* WHAT YOU ARE ASKED TO DO:
Retype the tail of the data exactly, starting at the line containing "(Hchi2 : forall" and stopping at the last line.

* Dataset entries:
Theorem lemma4p4 (F : fieldType) (v : F -> int) (p l : nat)
    (C : closedFieldType) (chi : F -> C)
    (HF : nonarch_local_field v) (Hchar2 : (2 : F) != 0)
    (Hp : residual_char v p)
    (Hl : prime l) (Hl2 : l != 2%N) (Hlp : l != p)
    (HC : alg_closure_Fp l C)
    (Hchi : smooth_character v chi)
    (Hchi2 : forall x : F, x != 0 -> chi x ^+ 2 = 1) :
  forall (E : lmodType C) (rho : 'M[F]_2 -> E -> E) (i : C -> E) (q : E -> C),
    smooth_rep_tcc v rho ->
    lin_from i -> injective i ->
    (forall g, g \in unitmx -> forall c, rho g (i c) = i (chi (\det g) * c)) ->
    lin_to q -> (forall c, exists e, q e = c) ->
    (forall g, g \in unitmx -> forall e, q (rho g e) = q e) ->
    (forall e, q e = 0 <-> exists c, e = i c) ->
    exists s : C -> E,
      [/\ lin_from s, forall c, q (s c) = c
        & forall g, g \in unitmx -> forall c, rho g (s c) = s c].
Proof.
move=> E rho i q [rho_lin _ rhoM _ rho_scalar] i_lin _ rho_i q_lin q_onto q_rho q_ker.
have two_neq0 : (2 : C) != 0 := natr2_neq0_pchar HC.1 Hl2.
have [[v_discrete _ _] [_ chiM _]] := (HF, Hchi).
have chi1 : chi 1 = 1 by rewrite -[1]mulr1 chiM ?oner_neq0 // -expr2 Hchi2 ?oner_neq0.
have [b b_neq0 b2_neq1] := exists_sqr_neq1 v_discrete.
have chi_b2 : chi (b ^+ 2) = 1 by rewrite expr2 chiM // -expr2 Hchi2.
have [e0 qe0] := q_onto 1.
have [e [qe1 e_diag2]] := exists_lift_cocycle_diag2_eq0
  rho_lin rhoM rho_scalar i_lin rho_i q_lin q_rho q_ker two_neq0 Hchi2 qe0.
have eM := lift_cocycleM rho_lin rhoM i_lin rho_i q_lin q_rho q_ker e.
apply: (split_of_fixed_lift rho_lin q_lin qe1) => g Hg; apply/subr0_eq.
exact: (cocycle_eq0 eM (lift_cocycle_scalar rho_scalar e) chi1 e_diag2
  (expf_neq0 2 b_neq0) b2_neq1 chi_b2 Hg).
Qed.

* YOUR RESPONSE:
    (Hchi2 : forall x : F, x != 0 -> chi x ^+ 2 = 1) :
  forall (E : lmodType C) (rho : 'M[F]_2 -> E -> E) (i : C -> E) (q : E -> C),
    smooth_rep_tcc v rho ->
    lin_from i -> injective i ->
    (forall g, g \in unitmx -> forall c, rho g (i c) = i (chi (\det g) * c)) ->
    lin_to q -> (forall c, exists e, q e = c) ->
    (forall g, g \in unitmx -> forall e, q (rho g e) = q e) ->
    (forall e, q e = 0 <-> exists c, e = i c) ->
    exists s : C -> E,
      [/\ lin_from s, forall c, q (s c) = c
        & forall g, g \in unitmx -> forall c, rho g (s c) = s c].
Proof.
move=> E rho i q [rho_lin _ rhoM _ rho_scalar] i_lin _ rho_i q_lin q_onto q_rho q_ker.
have two_neq0 : (2 : C) != 0 := natr2_neq0_pchar HC.1 Hl2.
have [[v_discrete _ _] [_ chiM _]] := (HF, Hchi).
have chi1 : chi 1 = 1 by rewrite -[1]mulr1 chiM ?oner_neq0 // -expr2 Hchi2 ?oner_neq0.
have [b b_neq0 b2_neq1] := exists_sqr_neq1 v_discrete.
have chi_b2 : chi (b ^+ 2) = 1 by rewrite expr2 chiM // -expr2 Hchi2.
have [e0 qe0] := q_onto 1.
have [e [qe1 e_diag2]] := exists_lift_cocycle_diag2_eq0
  rho_lin rhoM rho_scalar i_lin rho_i q_lin q_rho q_ker two_neq0 Hchi2 qe0.
have eM := lift_cocycleM rho_lin rhoM i_lin rho_i q_lin q_rho q_ker e.
apply: (split_of_fixed_lift rho_lin q_lin qe1) => g Hg; apply/subr0_eq.
exact: (cocycle_eq0 eM (lift_cocycle_scalar rho_scalar e) chi1 e_diag2
  (expf_neq0 2 b_neq0) b2_neq1 chi_b2 Hg).
Qed.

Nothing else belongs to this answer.